**Task prompt**
Copy out the lines of the material that include the string "from".

**Entries provided**

(* In a partition pair the order is recovered from the two bands: [a <= b] iff
   [a ⊙ b <= b ⊗ a] (PS2 one way, PS1 applied twice the other), and [a ⊙ b],
   [b ⊗ a] see [b], [a] only through the class of [a ⊙ b].  Taking that class
   at its representative gives the gluing formula of (a), of which (S1) is an
   instance, while (S2) comes from [a <= a ⊙ q] and [b ⊗ q <= b].
   Conversely, for the glued order of (b), (S2) lets an inequality
   [phi_pu a <= psi_qu b] observed at any upper bound [u] of [p ∨ q] be pulled
   back to [p ∨ q], and (S1) compares psi- and phi-images of one element; so
   transitivity and (PS1) can be checked at a suitable common upper bound. *)

Set Implicit Arguments.
Unset Strict Implicit.
Unset Printing Implicit Defensive.

Section Poset.
Variables (T : Type) (le : T -> T -> Prop).
Hypothesis le_poset : is_poset le.

Lemma poset_refl a : le a a.
Proof. by case: le_poset. Qed.

Lemma poset_anti a b : le a b -> le b a -> a = b.
Proof. by case: le_poset => _ [anti _]; apply: anti. Qed.

Lemma poset_trans a b c : le a b -> le b c -> le a c.
Proof. by case: le_poset => _ [_ tr]; apply: tr. Qed.

End Poset.

Section LeftNormalBand.
Variables (T : Type) (op : T -> T -> T).
Hypothesis op_band : left_normal_band op.

Local Notation "a ≼ b" := (band_le op a b) (at level 70).

Lemma band_idem a : op a a = a.
Proof. by case: op_band. Qed.

Lemma band_assoc a b c : op a (op b c) = op (op a b) c.
Proof. by case: op_band => _ [assoc _]; apply: assoc. Qed.

Lemma band_normal a b c : op a (op b c) = op a (op c b).
Proof. by case: op_band => _ [_ normal]; apply: normal. Qed.

Lemma band_le_refl a : a ≼ a.
Proof. exact: band_idem. Qed.

Lemma band_le_trans a b c : a ≼ b -> b ≼ c -> a ≼ c.
Proof. by rewrite /band_le => ab bc; rewrite -{1}bc -band_assoc ab bc. Qed.

Lemma band_le_opl a b : a ≼ op a b.
Proof. by rewrite /band_le -band_assoc band_normal band_assoc band_idem. Qed.

Lemma band_le_opr a b : b ≼ op a b.
Proof. by rewrite /band_le -band_assoc band_idem. Qed.

Lemma band_op_le a b c : a ≼ c -> b ≼ c -> op a b ≼ c.
Proof. by rewrite /band_le => ac bc; rewrite band_assoc ac bc. Qed.

Lemma band_le_op2 a a' b b' : a ≼ a' -> b ≼ b' -> op a b ≼ op a' b'.
Proof.
move=> aa' bb'; apply: band_op_le.
- exact: band_le_trans aa' (band_le_opl _ _).
- exact: band_le_trans bb' (band_le_opr _ _).
Qed.

Lemma band_eq_op_r a q : a ≼ q -> band_eq op (op a q) q.
Proof. by split; [apply: band_op_le (band_le_refl _) | apply: band_le_opr]. Qed.

Lemma band_op_comp a q r : q ≼ r -> op (op a q) r = op a r.
Proof. by rewrite /band_le => qr; rewrite -band_assoc band_normal qr. Qed.

Lemma band_op_eq x y s : y ≼ s -> s ≼ op x y -> op x s = op x y.
Proof.
by rewrite /band_le => ys sxy; rewrite -{1}ys band_normal band_assoc sxy.
Qed.

End LeftNormalBand.

Lemma homotactic_band_eq (T : Type) (o1 o2 : T -> T -> T) a b :
  homotactic o1 o2 -> band_eq o1 a b -> band_eq o2 a b.
Proof. by move=> hom [/hom ab /hom ba]. Qed.

Lemma rep_set_unique (T : Type) (op : T -> T -> T) (I : T -> Prop) p q :
  left_normal_band op -> is_rep_set op I -> I p -> I q -> band_eq op p q -> p = q.
Proof.
move=> op_band rep Ip Iq [pq qp].
have [i [_ [_ uniq_i]]] := rep p.
have pi : p = i by apply: (uniq_i p Ip); split; apply: band_le_refl.
have qi : q = i := uniq_i q Iq (conj qp pq).
by rewrite pi qi.
Qed.

Section PartitionPair.
Variables (T : Type) (le : T -> T -> Prop) (otimes odot : T -> T -> T).
Variable I : T -> Prop.
Hypotheses (le_poset : is_poset le)
  (otimes_band : left_normal_band otimes) (odot_band : left_normal_band odot)
  (hom : homotactic otimes odot).
Hypothesis PS1 : forall a b c, le a b ->
  le (otimes a c) (otimes b c) /\ le (odot a c) (odot b c).
Hypothesis PS2 : forall a b, le (odot a b) (otimes b a) -> le a b.
Hypothesis I_rep : is_rep_set odot I.

Local Notation "a ⊗ b" := (otimes a b) (at level 40, left associativity).
Local Notation "a ⊙ b" := (odot a b) (at level 40, left associativity).
Local Notation "a ≼ b" := (band_le odot a b) (at level 70).
Local Notation "a ≡ b" := (band_eq odot a b) (at level 70).

Lemma otimes_le a b : le (a ⊗ b) a.
Proof.
apply: PS2; rewrite (_ : (a ⊗ b) ⊙ a = a ⊗ b); last exact/hom/band_le_opl.
by rewrite (band_assoc otimes_band) (band_idem otimes_band); apply: poset_refl.
Qed.

Lemma le_odot a b : le a (a ⊙ b).
Proof.
apply: PS2; rewrite (_ : (a ⊙ b) ⊗ a = a ⊙ b); last exact/hom/band_le_opl.
by rewrite (band_assoc odot_band) (band_idem odot_band); apply: poset_refl.
Qed.

Lemma le_iff_odot_otimes a b : le a b <-> le (a ⊙ b) (b ⊗ a).
Proof.
split=> [ab|]; last exact: PS2.
have := (PS1 a ab).1; rewrite (band_idem otimes_band) => /(PS1 b) [_].
by rewrite (_ : (b ⊗ a) ⊙ b = b ⊗ a) //; apply/hom/band_le_opl.
Qed.

(* Since [s] lies in the class of [a ⊙ b], [a ⊙ s = a ⊙ b] and [b ⊗ s = b ⊗ a]. *)
Lemma le_iff_odot_otimes_at p q s a b :
  s ≡ p ⊙ q -> a ≡ p -> b ≡ q -> le a b <-> le (a ⊙ s) (b ⊗ s).
Proof.
move=> [spq pqs] [ap pa] [bq qb].
have sab : s ≼ a ⊙ b := band_le_trans odot_band spq (band_le_op2 odot_band pa qb).
have a_s : a ≼ s :=
  band_le_trans odot_band ap (band_le_trans odot_band (band_le_opl odot_band p q) pqs).
have b_s : b ≼ s :=
  band_le_trans odot_band bq (band_le_trans odot_band (band_le_opr odot_band p q) pqs).
have sba : band_le otimes s (b ⊗ a).
  apply/hom; apply: (band_le_trans odot_band sab).
  by apply: (band_op_le odot_band); apply/hom; [apply: band_le_opr | apply: band_le_opl].
rewrite (band_op_eq odot_band b_s sab) (band_op_eq otimes_band _ sba); last exact/hom.
exact: le_iff_odot_otimes.
Qed.

Lemma otimes_odot_class a q : a ≼ q -> a ⊗ q ≡ q /\ a ⊙ q ≡ q.
Proof.
move=> aq; split; last exact: band_eq_op_r.
by apply: homotactic_band_eq hom (band_eq_op_r otimes_band _); apply/hom.
Qed.

Lemma otimes_odot_id p a : p ≼ a -> a ⊗ p = a /\ a ⊙ p = a.
Proof. by move=> pa; split=> //; apply/hom. Qed.

Lemma otimes_odot_comp a q r : q ≼ r -> a ⊗ q ⊗ r = a ⊗ r /\ a ⊙ q ⊙ r = a ⊙ r.
Proof. by move=> qr; split; apply: band_op_comp => //; apply/hom. Qed.

Lemma otimes_odot_S1 a q r t :
  a ≼ q -> a ≼ r -> t ≡ q ⊙ r -> le (a ⊗ q ⊙ t) (a ⊙ r ⊗ t).
Proof.
move=> aq ar tqr; have [aqq _] := otimes_odot_class aq; have [_ arr] := otimes_odot_class ar.
apply: (le_iff_odot_otimes_at tqr aqq arr).1.
exact: (poset_trans le_poset (otimes_le a q) (le_odot a r)).
Qed.

(* [a = b] would force [a ⊙ q = a], i.e. [q ≼ a ≡ p], so [p] and [q] would
   represent the same class. *)
Lemma otimes_odot_S2 p q a b : I p -> I q -> p ≼ q -> p <> q -> a ≡ p -> b ≡ p ->
  le (a ⊙ q) (b ⊗ q) -> le a b /\ a <> b.
Proof.
move=> Ip Iq pq p_neq_q [ap _] _ aqbq.
split; first exact: (poset_trans le_poset (le_odot a q)
                      (poset_trans le_poset aqbq (otimes_le b q))).
move=> ab; move: aqbq; rewrite -{}ab => aqaq.
have qa : q ≼ a.
  exact: (poset_anti le_poset (poset_trans le_poset aqaq (otimes_le a q)) (le_odot a q)).
apply: p_neq_q; apply: (rep_set_unique odot_band I_rep Ip Iq).
by split=> //; apply: (band_le_trans odot_band qa ap).
Qed.

End PartitionPair.

Ltac solve_join_le :=
  match goal with
  | |- is_true (_ `|` _ <= _) => rewrite leUx; apply/andP; split; solve_join_le
  | |- is_true (?x <= ?x) => exact: lexx
  | |- is_true (_ <= _ `|` _) =>
      first [apply: lexUl; solve_join_le | apply: lexUr; solve_join_le]
  end.

Section GlueBand.
Context {d : Order.disp_t} {I : joinSemilatticeType d} {A : I -> Type}.
Variable f : forall p q : I, A p -> A q.
Arguments f : clear implicits.

Lemma glue_otimes_existT p q (a : A p) (b : A q) :
  p <= q -> glue_otimes f (existT A p a) (existT A q b) = existT A q (f p q a).
Proof. by move=> pq; rewrite /glue_otimes /= (join_r pq). Qed.

Hypothesis f_id : forall p (a : A p), f p p a = a.
Hypothesis f_comp : forall p q r (a : A p),
  p <= q -> q <= r -> f q r (f p q a) = f p r a.

Lemma band_le_glue_otimes (x y : {p : I & A p}) :
  band_le (glue_otimes f) x y <-> projT1 x <= projT1 y.
Proof.
case: x y => [p a] [q b]; split=> [/(congr1 (@projT1 _ _)) /= <- | pq].
  exact: leUr.
by rewrite /band_le /glue_otimes /= (join_l pq) f_id.
Qed.

Lemma glue_otimes_band : left_normal_band (glue_otimes f).
Proof.
split=> [[p a] | ]; first by rewrite /glue_otimes /= joinxx f_id.
split=> [[p a] [q b] [r c] | [p a] [q b] [r c]]; rewrite /glue_otimes /=.
  by rewrite f_comp ?leUl // joinA.
by rewrite (joinC q r).
Qed.

End GlueBand.

Section Glue.
Context {d : Order.disp_t} {I : joinSemilatticeType d} {A : I -> Type}.
Variables (leA : forall p, A p -> A p -> Prop) (psi phi : forall p q : I, A p -> A q).
Arguments leA : clear implicits.
Arguments psi : clear implicits.
Arguments phi : clear implicits.
Hypothesis leA_poset : forall p, is_poset (leA p).
Hypothesis maps_mono : forall (p q : I) (a b : A p), p <= q -> leA p a b ->
  leA q (psi p q a) (psi p q b) /\ leA q (phi p q a) (phi p q b).
Hypothesis maps_id : forall (p : I) (a : A p), psi p p a = a /\ phi p p a = a.
Hypothesis maps_comp : forall (p q r : I) (a : A p), p <= q -> q <= r ->
  psi q r (psi p q a) = psi p r a /\ phi q r (phi p q a) = phi p r a.
Hypothesis S1 : forall (p q r : I) (a : A p), p < q -> p < r ->
  leA (q `|` r) (phi q (q `|` r) (psi p q a)) (psi r (q `|` r) (phi p r a)).
Hypothesis S2 : forall (p q : I) (a b : A p), p < q ->
  leA q (phi p q a) (psi p q b) -> leA p a b /\ a <> b.

Local Notation gle := (glue_le leA psi phi).

Lemma leA_refl p (a : A p) : leA p a a.
Proof. exact: (poset_refl (leA_poset p)). Qed.

Lemma leA_trans p (a b c : A p) : leA p a b -> leA p b c -> leA p a c.
Proof. exact: (poset_trans (leA_poset p)). Qed.

Lemma psi_mono p q (a b : A p) :
  p <= q -> leA p a b -> leA q (psi p q a) (psi p q b).
Proof. by move=> pq /(maps_mono pq) []. Qed.

Lemma phi_mono p q (a b : A p) :
  p <= q -> leA p a b -> leA q (phi p q a) (phi p q b).
Proof. by move=> pq /(maps_mono pq) []. Qed.

Lemma psi_id p (a : A p) : psi p p a = a. Proof. by case: (maps_id a). Qed.
Lemma phi_id p (a : A p) : phi p p a = a. Proof. by case: (maps_id a). Qed.

Lemma psi_comp p q r (a : A p) :
  p <= q -> q <= r -> psi q r (psi p q a) = psi p r a.
Proof. by move=> pq qr; case: (maps_comp a pq qr). Qed.

Lemma phi_comp p q r (a : A p) :
  p <= q -> q <= r -> phi q r (phi p q a) = phi p r a.
Proof. by move=> pq qr; case: (maps_comp a pq qr). Qed.

Lemma psi_le_phi p q (a : A p) : p <= q -> leA q (psi p q a) (phi p q a).
Proof.
rewrite le_eqVlt => /predU1P [<- | pq]; first by rewrite psi_id phi_id; apply: leA_refl.
by have := S1 a pq pq; rewrite joinxx psi_id phi_id.
Qed.

Lemma S1_le p q r (a : A p) : p <= q -> p <= r ->
  leA (q `|` r) (phi q (q `|` r) (psi p q a)) (psi r (q `|` r) (phi p r a)).
Proof.
rewrite le_eqVlt => /predU1P [<- pr | pq].
  by rewrite psi_id (join_r pr) psi_id; apply: leA_refl.
rewrite le_eqVlt => /predU1P [<- | pr]; last exact: S1.
by rewrite phi_id (join_l (ltW pq)) phi_id; apply: leA_refl.
Qed.

Lemma leA_of_phi_le_psi p q (a b : A p) :
  p <= q -> leA q (phi p q a) (psi p q b) -> leA p a b.
Proof.
rewrite le_eqVlt => /predU1P [<- | pq]; first by rewrite phi_id psi_id.
by case/(S2 pq).
Qed.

**Written solution**
(* In a partition pair the order is recovered from the two bands: [a <= b] iff
   instance, while (S2) comes from [a <= a ⊙ q] and [b ⊗ q <= b].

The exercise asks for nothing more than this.